4. A patentee cannot legally surrender a patent for an invention consisting of a combination of old ingredients and amend the descriptive parts of the specification by striking out the entire description of one of the ingredients of the combination and inserting in lieu thereof a full description of several other devices, without any allegation that they are the equivalents of the one whose description is stricken out.
5. The case of Gould v. Reese, 15 Wall. 194, commented on.
6. An equivalent for the ingredient of a combination consisting wholly of parts that are old must be one which was known at the date of the original patent as a proper substitute for the ingredient left out.
Mrs. Eliza Wells, administratrix of Henry A. Wells, sued Gill at law for infringement of letters patent for an improvement in machinery for making hat bodies. Original letters patent had been granted to the said Henry April 25, 1846. The patent was reissued in 1856, in two parts, No. 396 and No. 400, to an assignee of Wells, and was extended by the Commissioner of Patents, April 17, 1860, and again reissued in December, 1860, to the assignee of Wells, in No. 1086 and No. 1087. No. 1086 was again reissued to Burr, June 17, 1862, in No. 1318. On the 2d of March, 1867, Nos. 1087 and 1318 were extended to Eliza Wells, as administratrix of Wells, by act of Congress, and on the 19th of May, 1868, No. 1087 was again reissued in No. 2942. On this the present suit was founded.
The cause was tried upon the general issue, with notice of certain special matters in defense, and a verdict for the plaintiff below for nominal damages was rendered.
The defendant excepted to certain rulings, instructions, and directions given below, and exceptions being taken the case was now before this Court.

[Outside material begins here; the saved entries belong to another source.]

(* Points of P^4 are represented by nonzero row vectors in algC^5
   (algC = algebraic closure of Q); all conditions below are invariant
   under rescaling. *)
Definition pt := 'rV[algC]_5.
Definition pcoord (x : pt) (i : 'I_5) : algC := x ord0 i.

Definition dotv (u v : pt) : algC := (u *m v^T) ord0 ord0.

Definition sgnb (b : bool) : algC := if b then -1 else 1.
Definition Delta' (x : pt) : algC :=
  \prod_(e : {ffun 'I_4 -> bool})
    (sqrtC (pcoord x ord0) +
     \sum_(k < 4) sgnb (e k) * sqrtC (pcoord x (lift ord0 k))).

(* A quadric surface S of P^4_Q, given as { l(x) = 0, x A x^T = 0 } with
   l : 'rV[rat]_5 a linear form and A : 'M[rat]_5 a symmetric matrix. *)
Definition lC (l : 'rV[rat]_5) : pt := map_mx ratr l.
Definition AC (A : 'M[rat]_5) : 'M[algC]_5 := map_mx ratr A.

Definition onS (l : 'rV[rat]_5) (A : 'M[rat]_5) (x : pt) : Prop :=
  x != 0 /\ dotv (lC l) x = 0 /\ dotv (x *m AC A) x = 0.

(* S is a smooth quadric surface: l <> 0, A symmetric, and the Jacobian
   criterion holds at every geometric point (l and the gradient x A of the
   quadric are linearly independent). *)
Definition smooth_quadric_surface (l : 'rV[rat]_5) (A : 'M[rat]_5) : Prop :=
  l != 0 /\ A^T = A /\
  forall x : pt, onS l A x -> \rank (col_mx (lC l) (x *m AC A)) = 2%N.

(* Projective tangent space T_P S (as a linear subspace of algC^5)
   contained in the hyperplane H_i = {x_i = 0}. *)
Definition tangent_at (l : 'rV[rat]_5) (A : 'M[rat]_5) (i : 'I_5) (P : pt)
  : Prop :=
  onS l A P /\
  forall v : pt, dotv (lC l) v = 0 -> dotv (P *m AC A) v = 0 -> pcoord v i = 0.

(* P lies on one of the three lines of H_i /\ R : x_i = 0 and the other
   four coordinates split into two pairs of equal coordinates
   (e.g. for i = 0 : (0:r:r:s:s), (0:r:s:r:s), (0:r:s:s:r)). *)
Definition on_three_lines (i : 'I_5) (P : pt) : Prop :=
  pcoord P i = 0 /\
  exists a b c d : 'I_5,
    uniq [:: i; a; b; c; d] /\ pcoord P a = pcoord P b /\ pcoord P c = pcoord P d.

(* The double covering w^2 = (-3) Delta' splits over S: (-3) Delta'
   restricted to S is the square of a quartic form over Q. *)
Definition splits_over (l : 'rV[rat]_5) (A : 'M[rat]_5) : Prop :=
  exists g : {mpoly rat[5]}, g \is 4.-homog /\
    forall x : pt, onS l A x ->
      (-3) * Delta' x = ((map_mpoly ratr g : {mpoly algC[5]}).@[pcoord x]) ^+ 2.

From Pilot Require Import Defs.
From HB Require Import structures.
From mathcomp Require Import all_boot all_order all_algebra all_field.
From mathcomp Require Import mpoly.
From mathcomp Require Import ring lra.
Set Implicit Arguments. Unset Strict Implicit. Unset Printing Implicit Defensive.
Import Order.TTheory GRing.Theory Num.Theory.
Local Open Scope ring_scope.

(* Suppose some coordinate of P0 vanishes.  Since P0 lies on one of the three
   lines of H_0 /\ R, after naming the coordinates 1..4 as h, h', m, n we get
   P0 = e_m + e_n up to scaling.

   If S spans the hyperplane H_0, every point of S is tangent to H_0 and thus
   lies on the three lines.  Applied to the residual intersection points of S
   with the lines through P0 in the directions e_h, e_h', e_m, this forces the
   polar form B(P0, -) to vanish on all of H_0, against smoothness.

   Otherwise, swapping h and h' if needed, l has a nonzero coefficient outside
   {0, h}.  Let P be the point of tangency with H_h.  Tangency puts P in
   H_0 /\ H_h /\ {l = 0} /\ P0^perp, so P = a P0 + c w, where w spans the
   rational plane {l = 0} /\ H_0 /\ H_h together with P0.  If c = 0, B(P0, -)
   vanishes on the two sections {l = 0} /\ H_0 and {l = 0} /\ H_h, against
   smoothness.  If c <> 0 then B(w, w) = 0 and the rational line through P0 in
   direction w lies on S.  On H_0 /\ H_h, Delta' is the fourth power of a
   quadratic form N, so splitting gives -3 N^4 = g^2 at rational points, hence
   N = 0 along the line; this forces l_h' = l_m = 0, a contradiction. *)

Lemma coord_e (i k : 'I_5) : ('e_i : pt) ord0 k = (k == i)%:R.
Proof. by rewrite mxE. Qed.
(* Let $G>0$, $T>0$, let $F\colon\mathbb R\to\mathbb R^2$ be $T$-periodic and of class $C^1$, and let $a\in(0,1)$ be such that $m_a(t,x,p)=\tfrac12|x|^2-\tfrac12a^2$ is a curvature bound function for $v_\lambda$ for every $\lambda\in[0,1]$. Then there exists $b>0$ such that $\mathbb R\times(\Gamma_a\cap\Delta_b)$ is a bound set for $v_\lambda$ for all $\lambda\in[0,1]$.
   Context: Let $\Omega=\{(x,p)\in\mathbb R^2\times\mathbb R^2:|x|<1\}$ and for $\lambda\in[0,1]$ let $v_\lambda(t,x,p)=\Big(1,\ p,\ \Big(G\sqrt{1-|x|^2}-\tfrac{(x^Tp)^2}{1-|x|^2}-|p|^2\Big)x+\lambda\big((x^TF(t))x-F(t)\big)\Big)$ on $\mathbb R\times\Omega$, with local flow $\phi^\lambda$. A $C^2$ function $e$ on an open subset $W\subset\mathbb R\times\Omega$ is a curvature bound function for $v$ if for every $z\in W$ with $e(z)=0$: $De(z)v(z)=0$ implies $v(z)^TD^2e(z)v(z)+De(z)Dv(z)v(z)>0$ (derivatives in all variables $(t,x,p)$). For $0<a<1$, $b>0$: $\Gamma_a=\{(x,p)\in\mathbb R^2\times\mathbb R^2:|x|\le a\}$, $\Delta_b=\{(x,p)\in\mathbb R^2\times\mathbb R^2:|x|<1,\ b|x|+|p|\le b\}$. A closed set $E\subset\mathbb R\times\Omega$ is a bound set for $v_\lambda$ if for every $\epsilon>0$ there is no $z\in\partial E$ with $\phi^\lambda_s(z)\in E$ for all $s\in(-\epsilon,\epsilon)$. *)

(* R : realType, points of R x R^2 x R^2 are 'rV[R]_5
   with coordinates z_0 = t, (z_1, z_2) = x, (z_3, z_4) = p. *)
From HB Require Import structures.
From mathcomp Require Import all_boot all_order all_algebra.
From mathcomp Require Import all_classical all_reals all_analysis.
Set Implicit Arguments. Unset Strict Implicit. Unset Printing Implicit Defensive.
Import Order.TTheory GRing.Theory Num.Theory.
Import numFieldNormedType.Exports.
Local Open Scope classical_set_scope.
Local Open Scope ring_scope.

Section Defs.
Variable R : realType.
Notation pt := 'rV[R]_5.

Definition zt (z : pt) : R := z ord0 (inord 0).
Definition zx1 (z : pt) : R := z ord0 (inord 1).
Definition zx2 (z : pt) : R := z ord0 (inord 2).
Definition zp1 (z : pt) : R := z ord0 (inord 3).
Definition zp2 (z : pt) : R := z ord0 (inord 4).

Definition mk5 (a b c d e : R) : pt := \row_(i < 5) nth 0 [:: a; b; c; d; e] i.

Definition nx2 (z : pt) : R := zx1 z ^+ 2 + zx2 z ^+ 2.
Definition np2 (z : pt) : R := zp1 z ^+ 2 + zp2 z ^+ 2.
Definition xdotp (z : pt) : R := zx1 z * zp1 z + zx2 z * zp2 z.
Definition normx (z : pt) : R := Num.sqrt (nx2 z).
Definition normp (z : pt) : R := Num.sqrt (np2 z).

Definition RxOmega : set pt := [set z | normx z < 1].

Definition vfield (G : R) (F : R -> 'rV[R]_2) (lam : R) (z : pt) : pt :=
  let t := zt z in
  let F1 := F t ord0 (inord 0) in
  let F2 := F t ord0 (inord 1) in
  let xF := zx1 z * F1 + zx2 z * F2 in
  let c := G * Num.sqrt (1 - nx2 z) - (xdotp z) ^+ 2 / (1 - nx2 z) - np2 z in
  mk5 1 (zp1 z) (zp2 z)
      (c * zx1 z + lam * (xF * zx1 z - F1))
      (c * zx2 z + lam * (xF * zx2 z - F2)).

Definition partial (V : normedModType R) (f : pt -> V) (i : 'I_5) (z : pt) : V :=
  derive f z (delta_mx ord0 i).

Definition C1_on (V : normedModType R) (W : set pt) (f : pt -> V) : Prop :=
  forall i : 'I_5, (forall z, W z -> derivable f z (delta_mx ord0 i)) /\
                   {within W, continuous (partial f i)}.
Definition C2_on (W : set pt) (f : pt -> R) : Prop :=
  C1_on W f /\ forall i : 'I_5, C1_on W (partial f i).

Definition De (e : pt -> R) (z w : pt) : R := derive e z w.
Definition D2e (e : pt -> R) (z w : pt) : R := derive (fun y => derive e y w) z w.
Definition Dv (v : pt -> pt) (z w : pt) : pt := derive v z w.

Definition curvature_bound_function (W : set pt) (v : pt -> pt) (e : pt -> R) : Prop :=
  open W /\ W `<=` RxOmega /\ C2_on W e /\
  forall z, W z -> e z = 0 -> De e z (v z) = 0 ->
    0 < D2e e z (v z) + De e z (Dv v z (v z)).

(* a solution of z' = v(z) in R x Omega on (-eps, eps) through z at time 0,
   i.e. s |-> phi_s(z) on (-eps, eps) *)
Definition trajectory (v : pt -> pt) (z : pt) (eps : R) (g : R -> pt) : Prop :=
  g 0 = z /\
  forall s, - eps < s < eps ->
    RxOmega (g s) /\ derivable g s 1 /\ derive g s 1 = v (g s).

Definition bdry (E : set pt) : set pt := closure E `\` interior E.

Definition bound_set (v : pt -> pt) (E : set pt) : Prop :=
  closed E /\ E `<=` RxOmega /\
  forall eps, 0 < eps ->
    ~ (exists z g, bdry E z /\ trajectory v z eps g /\
                   forall s, - eps < s < eps -> E (g s)).

Definition m_a (a : R) (z : pt) : R := nx2 z / 2 - a ^+ 2 / 2.

Definition Gamma_a (a : R) : set pt := [set z | normx z <= a].
Definition Delta_b (b : R) : set pt := [set z | normx z < 1 /\ b * normx z + normp z <= b].

Definition Tperiodic (T : R) (F : R -> 'rV[R]_2) : Prop := forall t, F (t + T) = F t.
Definition C1_fun (F : R -> 'rV[R]_2) : Prop :=
  (forall t, derivable F t 1) /\ continuous (fun t => derive F t 1).

End Defs.

(* The boundary of [R x (Gamma_a ∩ Delta_b)] consists of the points with [|x| = a]
   and those with [|x| < a] on the face [b |x| + |p| = b].  If a trajectory through
   such a point stayed in the set for [s] in [(-eps, eps)], a smooth function of [s]
   would have a local maximum at [s = 0]: its first derivative would vanish there and
   its second would be [<= 0].  At [|x| = a] this function is [|x|^2], and the
   curvature bound hypothesis on [m_a] says exactly that its second derivative is
   positive.  On the face it is [face_phi b], which is [<= 0] on [Delta_b] and vanishes
   on the face; the vanishing of its first derivative forces [x.p = O(1/b)] (F and F'
   are bounded by periodicity), and then its second derivative is
   [8 b^6 (1 - |x|)^4 + O(b^4) > 0] once [b] is large. *)

From HB Require Import structures.
From mathcomp Require Import all_boot all_order all_algebra.
From mathcomp Require Import all_classical all_reals all_analysis.
From mathcomp Require Import ring lra.
Import Order.TTheory GRing.Theory Num.Theory.
Import numFieldNormedType.Exports.
Local Open Scope classical_set_scope.
Local Open Scope ring_scope.
Set Implicit Arguments. Unset Strict Implicit. Unset Printing Implicit Defensive.

Section RealDerivatives.
Variable R : realType.
Implicit Types (f g : R -> R) (s df dg : R).

Lemma is_derive1_congr f g s df dg :
  is_derive s 1 f df -> f = g -> df = dg -> is_derive s 1 g dg.
Proof. by move=> H <- <-. Qed.

Lemma is_derive1_cst s (k : R) : is_derive s 1 (fun=> k) 0.
Proof. exact: is_derive_cst. Qed.

Lemma is_derive1D f g s df dg : is_derive s 1 f df -> is_derive s 1 g dg ->
  is_derive s 1 (fun u => f u + g u) (df + dg).
Proof. exact: is_deriveD. Qed.

Lemma is_derive1B f g s df dg : is_derive s 1 f df -> is_derive s 1 g dg ->
  is_derive s 1 (fun u => f u - g u) (df - dg).
Proof. exact: is_deriveB. Qed.

Lemma is_derive1M f g s df dg : is_derive s 1 f df -> is_derive s 1 g dg ->
  is_derive s 1 (fun u => f u * g u) (df * g s + f s * dg).
Proof.
move=> Hf Hg; apply: is_derive_eq (is_deriveM Hf Hg) _.
by rewrite /GRing.scale /=; ring.
Qed.

Lemma is_derive1_sqr f s df : is_derive s 1 f df ->
  is_derive s 1 (fun u => f u ^+ 2) (2 * f s * df).
Proof.
move=> Hf; apply: is_derive1_congr (is_derive1M Hf Hf) _ _.
  by rewrite funeqE => u; rewrite expr2.
by ring.
Qed.

Lemma is_derive1V f s df : is_derive s 1 f df -> f s != 0 ->
  is_derive s 1 (fun u => (f u)^-1) (- df / f s ^+ 2).
Proof.
move=> Hf f0; apply: is_derive_eq (is_deriveV f0 Hf) _.
by rewrite /GRing.scale /=; field.
Qed.

Lemma is_derive1_sqrtr f s df : is_derive s 1 f df -> 0 < f s ->
  is_derive s 1 (fun u => Num.sqrt (f u)) (df / (2 * Num.sqrt (f s))).
Proof.
move=> Hf f0; apply: is_derive_eq (is_derive1_comp (is_derive1_sqrt f0) Hf) _.
by rewrite mulrC.
Qed.

End RealDerivatives.

Section Coordinates.
Variable R : realType.
Notation pt := 'rV[R]_5.

Lemma derive_along_line (V : normedModType R) (f : pt -> V) (z w : pt) :
  'D_w f z = 'D_1 (fun h : R => f (h *: w + z)) 0.
Proof.
rewrite /derive; set dq1 := fun h => h^-1 *: _; set dq2 := fun h => h^-1 *: _.
suff -> : dq1 = dq2 by [].
by rewrite funeqE => h; rewrite /dq1 /dq2 /= addr0 scale0r add0r [_%:A]mulr1.
Qed.

Lemma is_derive_coord n (g : R -> 'rV[R]_n) (s : R) (i : 'I_n) :
  derivable g s 1 -> is_derive s 1 (fun u => g u ord0 i) ('D_1 g s ord0 i).
Proof.
move=> dg; split; first exact: (derivable_mxP g s 1).1 dg ord0 i.
by rewrite (derive_mx dg) mxE.
Qed.

Lemma is_derive_line_coord (z w : pt) (i : 'I_5) (s : R) :
  is_derive s 1 (fun h : R => (h *: w + z) ord0 i) (w ord0 i).
Proof.
apply: is_derive1_congr
  (is_derive1D (is_derive1M (is_derive_id s 1) (is_derive1_cst s (w ord0 i)))
               (is_derive1_cst s (z ord0 i))) _ _.
  by rewrite funeqE => h; rewrite !mxE.
by rewrite /=; ring.
Qed.

Lemma forall_ord5 (P : 'I_5 -> Prop) :
  P (inord 0) -> P (inord 1) -> P (inord 2) -> P (inord 3) -> P (inord 4) ->
  forall j, P j.
Proof.
move=> P0 P1 P2 P3 P4 j; have -> : j = inord j by apply/val_inj; rewrite /= inordK.
by case: j => [[|[|[|[|[|?]]]]] ?].
Qed.

End Coordinates.

Section VectorField.
Variable R : realType.
Notation pt := 'rV[R]_5.

Definition radial_coef (G x1 x2 p1 p2 : R) :=
  G * Num.sqrt (1 - (x1 ^+ 2 + x2 ^+ 2))
  - (x1 * p1 + x2 * p2) ^+ 2 / (1 - (x1 ^+ 2 + x2 ^+ 2)) - (p1 ^+ 2 + p2 ^+ 2).

Definition radial_coef_deriv (G x1 x2 p1 p2 dx1 dx2 dp1 dp2 : R) :=
  let r2 := x1 ^+ 2 + x2 ^+ 2 in let dr2 := 2 * (x1 * dx1 + x2 * dx2) in
  let q := x1 * p1 + x2 * p2 in let dq := dx1 * p1 + x1 * dp1 + dx2 * p2 + x2 * dp2 in
  - G * dr2 / (2 * Num.sqrt (1 - r2)) - (2 * q * dq / (1 - r2) + q ^+ 2 * dr2 / (1 - r2) ^+ 2)
  - 2 * (p1 * dp1 + p2 * dp2).

Lemma is_derive_radial_coef G (X1 X2 P1 P2 : R -> R) (s dx1 dx2 dp1 dp2 : R) :
  is_derive s 1 X1 dx1 -> is_derive s 1 X2 dx2 ->
  is_derive s 1 P1 dp1 -> is_derive s 1 P2 dp2 ->
  X1 s ^+ 2 + X2 s ^+ 2 < 1 ->
  is_derive s 1 (fun u => radial_coef G (X1 u) (X2 u) (P1 u) (P2 u))
    (radial_coef_deriv G (X1 s) (X2 s) (P1 s) (P2 s) dx1 dx2 dp1 dp2).
Proof.
move=> dX1 dX2 dP1 dP2 x_lt1.
have r2_lt1 : 0 < 1 - (X1 s ^+ 2 + X2 s ^+ 2) by rewrite subr_gt0.
have d1r2 := is_derive1B (is_derive1_cst s 1)
  (is_derive1D (is_derive1_sqr dX1) (is_derive1_sqr dX2)).
have dq := is_derive1D (is_derive1M dX1 dP1) (is_derive1M dX2 dP2).
have dP := is_derive1D (is_derive1_sqr dP1) (is_derive1_sqr dP2).
have dc := is_derive1B (is_derive1B
  (is_derive1M (is_derive1_cst s G) (is_derive1_sqrtr d1r2 r2_lt1))
  (is_derive1M (is_derive1_sqr dq) (is_derive1V d1r2 (lt0r_neq0 r2_lt1)))) dP.
apply: is_derive1_congr dc _ _ => //.
rewrite /radial_coef_deriv /=; field.
by rewrite !lt0r_neq0 // sqrtr_gt0.
Qed.

(* [accel G lam x p F1 F2 X Fk] is the [p_k]-component of [vfield] when
   [X = x_k] and [Fk = F_k]; [accel_deriv] is its derivative along a curve
   with velocity [(dt, dx1, dx2, dp1, dp2)], [dX = dx_k], and [D1 D2 Dk] the
   corresponding components of [F']. *)
Definition accel (G lam x1 x2 p1 p2 F1 F2 X Fk : R) :=
  radial_coef G x1 x2 p1 p2 * X + lam * ((x1 * F1 + x2 * F2) * X - Fk).

Definition accel_deriv (G lam x1 x2 p1 p2 F1 F2 D1 D2 dt dx1 dx2 dp1 dp2 X dX Fk Dk : R) :=
  radial_coef_deriv G x1 x2 p1 p2 dx1 dx2 dp1 dp2 * X + radial_coef G x1 x2 p1 p2 * dX
  + lam * ((dx1 * F1 + x1 * (D1 * dt) + dx2 * F2 + x2 * (D2 * dt)) * X
           + (x1 * F1 + x2 * F2) * dX - Dk * dt).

The subject of hat-forming machines and the art relating to the making of hats is set out by the present reporter in the case of Burr v. Duryee, [Footnote 1] which was a suit under a prior
reissue of the already-mentioned patent of Wells, and it is indispensable that the reader of the present case, unless he has already a knowledge of the subject in some other way, master the general history presented by that case before he proceed with the present one. [Footnote 2]
As stated in that case, Wells had been preceded by a machine of one Williams, in which there was a feed apron for carrying the fur, a disintegrater, a fur conductor, a rotating cone, and an exhaust.
The Wells machine, as shown in his original patent and in the model filed by him in the Patent Office, consisted of certain parts organized together into a hat-forming machine which consisted of:
1st. Feed aprons.
2d. A revolving brush.
3d. A tunnel or chamber.
4th. An upper hood and lower flap as adjuncts to the trunk.
5th. An exhaust, rotating, perforated cone.
These several parts are shown combined in Fig. 1, which is a copy of Wells's original patent drawing.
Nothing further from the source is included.